Trust Your Instincts

Acknowledge and trust your gut feelings when you sense something is wrong or manipulative in a relationship or interaction. Your intuition can be a valuable guide.
Example: You have a nagging feeling that your friend is manipulating you into always lending them money, even though they never repay you.

Educate Yourself

Learn about manipulation tactics and strategies to better recognize and understand them. This knowledge can help you identify manipulative behaviors and empower you to respond effectively.
Example: By reading books or articles about manipulation, you become aware of common tactics and gain insights into how to protect yourself.

Set Boundaries

Establish clear boundaries for yourself and communicate them assertively. Be firm in what you are comfortable with and what you are not willing to tolerate.
Example: You tell your romantic partner that you expect them to respect your personal space and not invade your privacy without permission.

Practice Self-Care

Prioritize self-care activities that promote your well-being, self-esteem, and emotional resilience. Taking care of yourself strengthens your ability to recognize and respond to manipulation.
Example: Engaging in activities such as exercise, meditation, or spending time with supportive friends helps you maintain emotional balance and self-confidence.

Seek Support

Reach out to trusted friends, family, or professionals for support and guidance. Sharing your concerns with others can provide valuable insights and help you gain perspective on the situation.
Example: You confide in a close friend about your suspicions of manipulation and ask for their input and advice.

Maintain Independence

Cultivate and maintain your independence, both emotionally and financially. This reduces the potential control and influence manipulators can have over you.
Example: You ensure that you have your own bank account and financial resources separate from a partner who has shown signs of financial manipulation.

Practice Assertiveness

Develop and practice assertiveness skills to express your needs, opinions, and boundaries clearly and respectfully. Stand up for yourself without succumbing to manipulative pressure.
Example: You calmly and confidently express your disagreement with a colleague’s manipulative request, firmly stating your own position.

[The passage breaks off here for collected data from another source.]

Ltac represent Hs :=
  repeat lazymatch goal with
  | |- represents _ _ idOp _ => apply represents_id
  | |- represents _ _ (opadd _ _) _ => apply represents_add
  | |- represents _ _ (opsub _ _) _ => apply represents_sub
  | |- represents _ _ (opscal _ _) _ => apply represents_scal
  | |- represents _ _ (opcomp _ _) _ => apply represents_comp
  | |- represents _ _ mulX _ => apply represents_mulX
  | |- represents _ _ mulT _ => apply represents_mulT
  | |- represents _ ?s (shift ?a) _ =>
      let j := shift_multiple s a in apply (represents_shift _ _ a j); ring
  | |- represents _ _ dX _ => apply (represents_dX _ _ Hs)
  | |- represents _ _ dT _ => apply (represents_dT _ _ Hs)
  | |- represents _ _ _ _ =>
      progress unfold comm, Pop, Hop, Kop, Dop, C1op, C2op, Eop, DeltaP, DeltaM
  end.

Ltac normal_form_identity Hs hs :=
  let s := match type of hs with ?s <> 0 => s end in
  first [ eapply (eq0_by_normal_form _ s);
            [represent Hs | intros ?x ?t; simpl; field; exact hs]
        | eapply (eq_by_normal_form _ s);
            [represent Hs | represent Hs | intros ?x ?t; simpl; field; exact hs] ].

Ltac maps_zero Hs hs :=
  let Phi := match type of Hs with smooth ?Phi => Phi end in
  let s := match type of hs with ?s <> 0 => s end in
  eapply (represents_maps_zero Phi s); [represent Hs | reflexivity].

Theorem mainTheorem5 (mu nu sigma : R) (hsigma : sigma <> 0) :
  let P := Pop in
  let H := Hop in
  let K := Kop mu nu sigma in
  let D := Dop sigma in
  let C1 := C1op mu nu sigma in
  let C2 := C2op mu nu sigma in
  let E := Eop mu nu sigma in
  let emP := shift (- sigma) in
  (forall Phi : Fun2, smooth Phi ->
     comm K H Phi = opscal nu (DeltaP sigma) Phi /\
     comm K P Phi = opscal mu (opcomp emP H) Phi /\
     comm H P Phi = (fun _ _ => 0) /\
     comm K D Phi = (fun _ _ => 0) /\
     comm D H Phi = H Phi /\
     comm D C1 Phi = opscal (-1) C1 Phi /\
     comm H C1 Phi = opscal (-2 * nu) D Phi /\
     comm D P Phi = DeltaM sigma Phi /\
     comm D C2 Phi = opsub (opscal (-1) C2) (opscal (sigma * mu) (opcomp D D)) Phi /\
     comm P C2 Phi = opscal (2 * mu) D Phi /\
     comm K C1 Phi = opadd (opscal nu C2) (opscal (sigma * mu * nu) (opcomp D D)) Phi /\
     comm K C2 Phi = opscal mu C1 Phi /\
     comm P C1 Phi = opsub (opscal (-1) (opcomp emP K)) (opcomp K emP) Phi /\
     comm H C2 Phi = opadd (opscal 2 K)
                       (opscal (sigma * mu) (opadd (opcomp D H) (opcomp H D))) Phi /\
     comm C1 C2 Phi = opscal (- (sigma * mu)) (opadd (opcomp D C1) (opcomp C1 D)) Phi /\
     comm E K Phi = (fun _ _ => 0) /\
     comm E P Phi = (fun _ _ => 0) /\
     comm E H Phi = (fun _ _ => 0) /\
     comm E D Phi = opscal (-2) E Phi /\
     comm E C1 Phi = opscal (4 * nu) (opcomp mulT E) Phi /\
     comm E C2 Phi =
       opscal (-4 * mu)
         (opcomp (opadd (opadd mulX (opscal sigma idOp))
                        (opscal sigma (opcomp mulT dT))) E) Phi) /\
  (forall Phi : Fun2, smooth Phi -> E Phi = (fun _ _ => 0) ->
     forall X : Op, In X (K :: P :: H :: D :: C1 :: C2 :: nil) ->
       E (X Phi) = (fun _ _ => 0)).
Proof.
  cbv zeta.
  match goal with |- ?relations /\ _ => assert (rels : relations) end.
  { intros Phi Hs. repeat split; normal_form_identity Hs hsigma. }
  split; [exact rels|].
  intros Phi Hs HE X HX.
  destruct (rels Phi Hs) as (_&_&_&_&_&_&_&_&_&_&_&_&_&_&_& EK & EP & EH & ED & EC1 & EC2).
  simpl in HX; destruct HX as [<-|[<-|[<-|[<-|[<-|[<-|[]]]]]]];
    [ apply (kernel_preserved_of_comm _ _ (fun _ _ _ => 0) _ EK)
    | apply (kernel_preserved_of_comm _ _ (fun _ _ _ => 0) _ EP)
    | apply (kernel_preserved_of_comm _ _ (fun _ _ _ => 0) _ EH)
    | apply (kernel_preserved_of_comm _ _ (opscal (-2) idOp) _ ED)
    | apply (kernel_preserved_of_comm _ _ (opscal (4 * nu) mulT) _ EC1)
    | apply (kernel_preserved_of_comm _ _
        (opscal (-4 * mu) (opadd (opadd mulX (opscal sigma idOp))
                                 (opscal sigma (opcomp mulT dT)))) _ EC2) ];
    solve [exact HE | reflexivity | maps_zero Hs hsigma].
Qed.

Consider Distance or Removal

In extreme cases where the manipulation persists and poses a significant threat to your well-being, you may need to consider creating distance or even removing yourself from the relationship entirely.
Example: After realizing that a family member consistently manipulates and emotionally abuses you, you choose to limit contact or cut ties with them for the sake of your own mental health.

Remember, each situation is unique, and it’s important to assess your circumstances and make decisions that prioritize your well-being. If you feel overwhelmed or unsure about how to proceed, seeking professional guidance from a therapist or counselor can provide valuable support in navigating manipulation.